Günübirlik menfaatlere göre yön ve konum tayin edenler, ihtiraslarına mağlup olanlar için insani değerleri çiğnemek sıradan bir iş!  Zira onlar daima “merkez”, ötekiler ilelebet “çevre”dir. Oyunun kurallarını “merkez” belirler; keyfine göre kuralları eğer büker ve her an yan çizebilir. Çevre ise bu kurallara uymakla yükümlüdür, yan çizme hakkı yoktur. Çevre, oyunun dublörüdür; aktörlerin yerine tehlikeli ve riskli sahneleri oynamak ona düşer.

Dublör ölebilir ama o hep diri ve ayakta kalır.

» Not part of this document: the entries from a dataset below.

Lemma refuted_sound ora p f g :
  oracle_sound ora p -> lin_eval p f <= lin_eval p g -> refuted (ora f g) = false.
Proof. by move=> ora_ok le_fg; case E: (ora f g) => [[]|] //; move/ora_ok/Z.leb_gt: E; lia. Qed.

Lemma maybe_between_sound ora p lo x hi : oracle_sound ora p ->
  lin_eval p lo <= lin_eval p x <= lin_eval p hi -> maybe_between ora lo x hi.
Proof. by move=> ora_ok [? ?]; rewrite /maybe_between !(refuted_sound ora_ok). Qed.

Lemma head_run_linE p c : (0 < p)%N -> lin_eval p (head_run_lin c) = head_run p c.
Proof. by case: c; rewrite /lin_eval; cbn [head_run_lin head_run fst snd]; rewrite -?subn1 => ?; lia. Qed.

Section Offsets.
Variables (ora : oracle) (p : nat).
Hypotheses (p_gt0 : (0 < p)%N) (ora_ok : oracle_sound ora p).

Lemma offset_range_sound c' r : (r <= head_run p c')%N ->
  exists lo hi, offset_range ora c' (nth L (phi_letter p c') r) = Some (lo, hi)
                /\ lin_eval p lo <= r <= lin_eval p hi.
Proof.
have hrE := head_run_linE c' p_gt0.
case: (ltngtP r (head_run p c')) => [lt_r _|//|-> _].
  rewrite nth_phi_letter_lt // /offset_range (refuted_sound ora_ok);
    last by rewrite lin_eval_sub !lin_eval_pair hrE; lia.
  exists (0, 0), (lin_sub (head_run_lin c') (0, 1)); split => //.
  by rewrite lin_eval_sub !lin_eval_pair hrE; lia.
rewrite nth_phi_letter_head; exists (head_run_lin c'), (head_run_lin c').
by split; [case: c' {hrE} => /=; rewrite ?eqxx | rewrite hrE; lia].
Qed.

Lemma offset_diff_range_sound a' b' ra rb :
  (ra <= head_run p a')%N -> (rb <= head_run p b')%N ->
  exists lo hi, offset_diff_range ora a' b' (nth L (phi_letter p a') ra) (nth L (phi_letter p b') rb)
                  = Some (lo, hi)
                /\ lin_eval p lo <= rb - ra <= lin_eval p hi.
Proof.
move=> /offset_range_sound[loa [hia [Ea Ha]]] /offset_range_sound[lob [hib [Eb Hb]]].
rewrite /offset_diff_range Ea Eb; do 2 eexists; split; first by [].
by rewrite /= !lin_eval_sub; lia.
Qed.

Lemma successors_sound l s m a' b' c' d' ra rb rc rd :
  (ra <= head_run p a')%N -> (rb <= head_run p b')%N ->
  (rc <= head_run p c')%N -> (rd <= head_run p d')%N ->
  let t := image_state p ((rb - ra) - (rd - rc)) (State l s m a' b' c' d')
             (nth L (phi_letter p a') ra) (nth L (phi_letter p b') rb)
             (nth L (phi_letter p c') rc) (nth L (phi_letter p d') rd) in
  - max_len_diff <= len_diff t <= max_len_diff ->
  List.In t (successors ora (State l s m a' b' c' d')).
Proof.
move=> /offset_diff_range_sound Hv /(Hv _ _)[lov [hiv [Ev Hv']]].
move=> /offset_diff_range_sound Hw /(Hw _ _)[low [hiw [Ew Hw']]].
cbn [image_state len_diff]; set dL := _ * l + _ * m + _ => He.
have pick x (F : letter -> list state) t' : List.In t' (F x) -> List.In t' (List.flat_map F letters).
  by move=> Ft; apply/List.in_flat_map; exists x; split => //; case: x {Ft}; rewrite /=; tauto.
rewrite /successors.
apply: (pick (nth L (phi_letter p a') ra)); apply: (pick (nth L (phi_letter p b') rb)).
apply: (pick (nth L (phi_letter p c') rc)); apply: (pick (nth L (phi_letter p d') rd)).
rewrite Ev Ew; apply/List.in_flat_map; exists (dL + (l + m) + s); split.
  apply/List.in_map_iff; exists (Z.to_nat (dL + (l + m) + s + max_len_diff)).
  by split; [|apply/List.in_seq]; rewrite /max_len_diff in He *; lia.
have -> : dL + (l + m) + s - (l + m) - s = dL by lia.
rewrite (maybe_between_sound ora_ok) /=; first by left.
by rewrite !lin_eval_sub lin_eval_pair /dL; lia.
Qed.
(* Let $(\tilde S,\tilde g)$ and $(\tilde T,\tilde f)$ be lifted partial permutations with $\tilde T=\tilde g(\tilde S)$. If $\mathrm{cr}(\tilde f\circ\tilde g)=\mathrm{cr}(\tilde f)+\mathrm{cr}(\tilde g)$, then $w_1(\tilde f\circ\tilde g)=w_1(\tilde f)+w_1(\tilde g)$ and $w_m(\tilde f\circ\tilde g)=w_m(\tilde f)+w_m(\tilde g)$.
   Context: Fix integers $0<k<m$. For $t\in\frac12\mathbb Z$ let $r_t(x)=2t-x$, and let $G_m$ be the group of isometries of $\mathbb R$ generated by $r_{1/2}$ and $r_{m-1/2}$; it acts on $\mathbb Z$ with $\mathbb Z/G_m\cong\{1,\dots,m-1\}$. A lifted partial permutation on $k$ letters is a pair $(\tilde S,\tilde f)$ with $\tilde S\subset\mathbb Z$ $G_m$-invariant, $|\tilde S/G_m|=k$, and $\tilde f:\tilde S\to\mathbb Z$ $G_m$-equivariant such that the induced map $\tilde S/G_m\to\mathbb Z/G_m$ is injective. Weight vector: $w_j(\tilde f)=\tfrac12\#\{i\in\tilde S: i<j-\tfrac12<\tilde f(i)\text{ or } i>j-\tfrac12>\tilde f(i)\}$ for $j=1,\dots,m$. A crossing of $\tilde f$ is a class $\langle i,j\rangle$ of pairs $i<j$ in $\tilde S$ with $\tilde f(i)>\tilde f(j)$, modulo $(i,j)\sim(i',j')$ iff $\{gi,gj\}=\{i',j'\}$ for some $g\in G_m$; $\mathrm{cr}(\tilde f)$ is the number of crossings. If $\tilde T=\tilde g(\tilde S)$ then $(\tilde S,\tilde f\circ\tilde g)$ is a lifted partial permutation. *)

From mathcomp Require Import all_boot all_order all_algebra.
From Stdlib Require Import ClassicalEpsilon.
Set Implicit Arguments. Unset Strict Implicit. Unset Printing Implicit Defensive.
Import Order.TTheory GRing.Theory Num.Theory.
Local Open Scope ring_scope.

(* Reflection r_t(x) = 2t - x, for t in (1/2)Z, parametrised by t2 = 2t. *)
Definition refl (t2 : int) (x : int) : int := t2 - x.

Definition r_half (x : int) : int := refl 1 x.
Definition r_mhalf (m : nat) (x : int) : int := refl (2 * m%:Z - 1) x.

(* An element of G_m given as a word in the generators (both are involutions,
   so these words give exactly the group generated by them). *)
Fixpoint Gact (m : nat) (w : seq bool) (x : int) : int :=
  match w with
  | [::] => x
  | b :: w' => (if b then r_half else r_mhalf m) (Gact m w' x)
  end.

Definition Gorb (m : nat) (x y : int) : Prop := exists w, y = Gact m w x.

Definition class_enum {A : Type} (P : A -> Prop) (E : A -> A -> Prop)
  (s : seq A) : Prop :=
  (forall a, List.In a s -> P a) /\
  (forall a, P a -> exists2 b, List.In b s & E a b) /\
  (forall s1 a s2 b s3, s = s1 ++ a :: s2 ++ b :: s3 -> ~ E a b /\ ~ E b a).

Dublörün başına gelen sıradan bir iş kazasıdır neticede…

Sonuç mu?

Sonuç ortada…

Savaş, terör, açlık, fakirlik, eşitsizlik ve sömürünün olmadığı bir dünyayı hayal etmek ve kurmak elbette mümkün olabilir. “Ben nasıl olsa 2095'i görmem, benden sonrası tufan!” demek kelimenin tam anlamıyla bencilliktir. İnsana, tabiata karşı Müslüman'ın tavrı bencillik ve nemelazımcılık olamaz!

İnsanlık yere düşerse, onu kaldırmak Müslüman'a düşer; giden gitmiş, yiten yitmiş diyemez. Kodları, sömürü üzerinden kazanca, istila üzerinden yok etmeye, değiştirme üzerinden yozlaştırmaya ayarlı olanlarla aynı safta olamaz.

Müslüman'a yaraşan, kimsesizlerin kimsesi olmaktır. İnsanı “küresel atık”, hayatını “ıskarta” gören kemirgen zihniyetle mücadele etmektir.

Allah adına yeryüzünde halife olmak pek çok manaya delalet ediyorsa biri de budur şüphesiz.